• _Problem to solve_
Reproduce precisely the lines between the start of the data below and the line with "0 i * v 0 i.", both included.

(Stored data)
(* Let $X$ be a topological space and $f\colon X\to\mathbb{R}^d$ an injective function. Suppose there exists a continuous map $\psi\colon S^1\to X$ such that $\psi(x)\neq\psi(-x)$ for all $x\in S^1$. Then $\alpha(f)=0$ if and only if $f$ is continuous.
   Context: $\mathrm{Conf}_2(X)=\{(x,y)\in X\times X: x\neq y\}$ with the subspace topology. $S^{d-1}$ carries the geodesic metric $d(u,v)=\arccos\langle u,v\rangle$ (for $d=1$, $S^0=\{\pm1\}$ with the two points at distance $\pi$). For a topological space $X$ and a metric space $Y$, $\delta(g)=\inf\{\delta\ge 0 : \text{for every } x\in X \text{ there is an open neighborhood } U_x \text{ of } x \text{ with } \operatorname{diam}(g(U_x))\le\delta\}$. For injective $f\colon X\to\mathbb{R}^d$, $\Phi_f(x,y)=\frac{f(x)-f(y)}{\|f(x)-f(y)\|}$ and $\alpha(f)=\delta(\Phi_f)$. *)

From HB Require Import structures.
From mathcomp Require Import all_boot all_order all_algebra.
From mathcomp Require Import all_classical all_reals all_analysis.
Set Implicit Arguments. Unset Strict Implicit. Unset Printing Implicit Defensive.
Import Order.TTheory GRing.Theory Num.Theory.
Import numFieldNormedType.Exports.
Local Open Scope classical_set_scope.
Local Open Scope ring_scope.

(* R^d is modelled as row vectors 'rV[R]_d (its canonical topology is the
   product/Euclidean topology). Euclidean inner product and norm: *)
Definition edot {R : realType} {d : nat} (u v : 'rV[R]_d) : R :=
  \sum_(i < d) u 0 i * v 0 i.
Definition enorm {R : realType} {d : nat} (u : 'rV[R]_d) : R :=
  Num.sqrt (edot u u).

Definition sphere (R : realType) (d : nat) : set 'rV[R]_d :=
  [set u | enorm u = 1].
Arguments sphere R d : clear implicits.

Definition geod {R : realType} {d : nat} (u v : 'rV[R]_d) : R :=
  acos (edot u v).

Definition gdiam {R : realType} {Y : Type} (dist : Y -> Y -> R) (B : set Y)
  : \bar R :=
  ereal_sup [set (dist a b)%:E | a in B & b in B].

(* delta(g) for g defined on the subspace A of the topological space T
   (subspace topology: open neighbourhoods of x in A are U `&` A with
   U open in T and x in U) with values in a metric space (Y, dist). *)
Definition delta_sub {R : realType} {T : topologicalType} {Y : Type}
  (dist : Y -> Y -> R) (A : set T) (g : T -> Y) : \bar R :=
  ereal_inf [set e%:E | e in [set e : R | 0 <= e /\
     forall x, A x -> exists U : set T,
       [/\ open U, U x & (gdiam dist (g @` (U `&` A)) <= e%:E)%E]]].

Definition Conf2 (X : topologicalType) : set (X * X) :=
  [set p | p.1 <> p.2].
Arguments Conf2 X : clear implicits.

Definition Phi {R : realType} {X : Type} {d : nat} (f : X -> 'rV[R]_d)
  (p : X * X) : 'rV[R]_d :=
  (enorm (f p.1 - f p.2))^-1 *: (f p.1 - f p.2).

Definition alpha {R : realType} {X : topologicalType} {d : nat}
  (f : X -> 'rV[R]_d) : \bar R :=
  delta_sub geod (Conf2 X) (Phi f).

(* For maps with values in the unit sphere, a vanishing delta for the geodesic
   metric is the same as continuity; so alpha(f) = 0 says exactly that Phi_f is
   continuous on Conf_2(X), which certainly holds when f is continuous.
   Conversely, fix x0.  If two directions Phi_f(x0, y1), Phi_f(x0, y2) are
   linearly independent, then f(x) lies on the line through f(y1) directed by
   Phi_f(x, y1) and on the line through f(y2) directed by Phi_f(x, y2); as
   x -> x0 these lines tend to two lines meeting only at f(x0), so
   f(x) -> f(x0).  Otherwise f(X) lies on a line through f(x0) with direction
   u, and t |-> <Phi_f(psi(e^it), psi(-e^it)), u> is continuous, never zero,
   and changes sign between t = 0 and t = pi, which contradicts the
   intermediate value theorem. *)

From HB Require Import structures.
From mathcomp Require Import all_boot all_order all_algebra.
From mathcomp Require Import all_classical all_reals all_analysis.
From mathcomp Require Import ring lra.
Set Implicit Arguments. Unset Strict Implicit. Unset Printing Implicit Defensive.
Import Order.TTheory GRing.Theory Num.Theory.
Import numFieldNormedType.Exports.
Local Open Scope classical_set_scope.
Local Open Scope ring_scope.

Section Euclidean.
Variables (R : realType) (d : nat).
Implicit Types (u v w : 'rV[R]_d) (k : R).
Lemma phi_shi_surj : set_surj (dominant_regions R n m) (shi_partitions n m) (phi_shi R n m).
Proof.
move=> lam [lam_size [lam_sorted lam_le]].
have [y [gy rows_y]] := exists_generic_rows (R := R) m n lam_size lam_sorted lam_le.
have [x [Vx rp_x]] := exists_root_pairs y.
have x_in : complement x.
  split => // i j k i_j j_n k_m; rewrite rp_x ?i_j //.
  have ij_range : (0 <= i <= j)%N by rewrite i_j.
  exact/eqP/(generic_rows_neq m n k gy ij_range j_n k_m).
have x_x := connected_component_refl x_in.
exists (component x).
  split; first by exists x.
  move=> z z_in; split; first by case: (connected_component_sub z_in).
  move=> i j i_j j_n; apply/ltW/(component_root_pair_gt x_x z_in (leq0n m)); first by rewrite i_j.
  by rewrite rp_x ?i_j // subr_gt0 (generic_rows_lt m n gy) ?i_j.
rewrite phi_shi_component // -[RHS](mkseq_nth 0%N lam) lam_size; apply/eq_in_map => i.
rewrite mem_iota add0n => /andP[_ i_n]; rewrite -rows_y //.
by apply: eq_big_nat => j ij_range; rewrite [coords x i - _]rp_x.
Qed.

End DominantRegions.

Theorem theorem4p1 (R : realType) (n m : nat) :
  (0 < n)%N -> (0 < m)%N ->
  set_bij (dominant_regions R n m) (shi_partitions n m) (phi_shi R n m).
Proof.
(* The bijection holds for [n = 0] and [m = 0] as well. *)
by move=> _ _; split; [exact: phi_shi_fun | exact: phi_shi_inj | exact: phi_shi_surj].
Qed.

• _Expected answer_
(* Let $X$ be a topological space and $f\colon X\to\mathbb{R}^d$ an injective function. Suppose there exists a continuous map $\psi\colon S^1\to X$ such that $\psi(x)\neq\psi(-x)$ for all $x\in S^1$. Then $\alpha(f)=0$ if and only if $f$ is continuous.
   Context: $\mathrm{Conf}_2(X)=\{(x,y)\in X\times X: x\neq y\}$ with the subspace topology. $S^{d-1}$ carries the geodesic metric $d(u,v)=\arccos\langle u,v\rangle$ (for $d=1$, $S^0=\{\pm1\}$ with the two points at distance $\pi$). For a topological space $X$ and a metric space $Y$, $\delta(g)=\inf\{\delta\ge 0 : \text{for every } x\in X \text{ there is an open neighborhood } U_x \text{ of } x \text{ with } \operatorname{diam}(g(U_x))\le\delta\}$. For injective $f\colon X\to\mathbb{R}^d$, $\Phi_f(x,y)=\frac{f(x)-f(y)}{\|f(x)-f(y)\|}$ and $\alpha(f)=\delta(\Phi_f)$. *)

From HB Require Import structures.
From mathcomp Require Import all_boot all_order all_algebra.
From mathcomp Require Import all_classical all_reals all_analysis.
Set Implicit Arguments. Unset Strict Implicit. Unset Printing Implicit Defensive.
Import Order.TTheory GRing.Theory Num.Theory.
Import numFieldNormedType.Exports.
Local Open Scope classical_set_scope.
Local Open Scope ring_scope.

(* R^d is modelled as row vectors 'rV[R]_d (its canonical topology is the
   product/Euclidean topology). Euclidean inner product and norm: *)
Definition edot {R : realType} {d : nat} (u v : 'rV[R]_d) : R :=
  \sum_(i < d) u 0 i * v 0 i.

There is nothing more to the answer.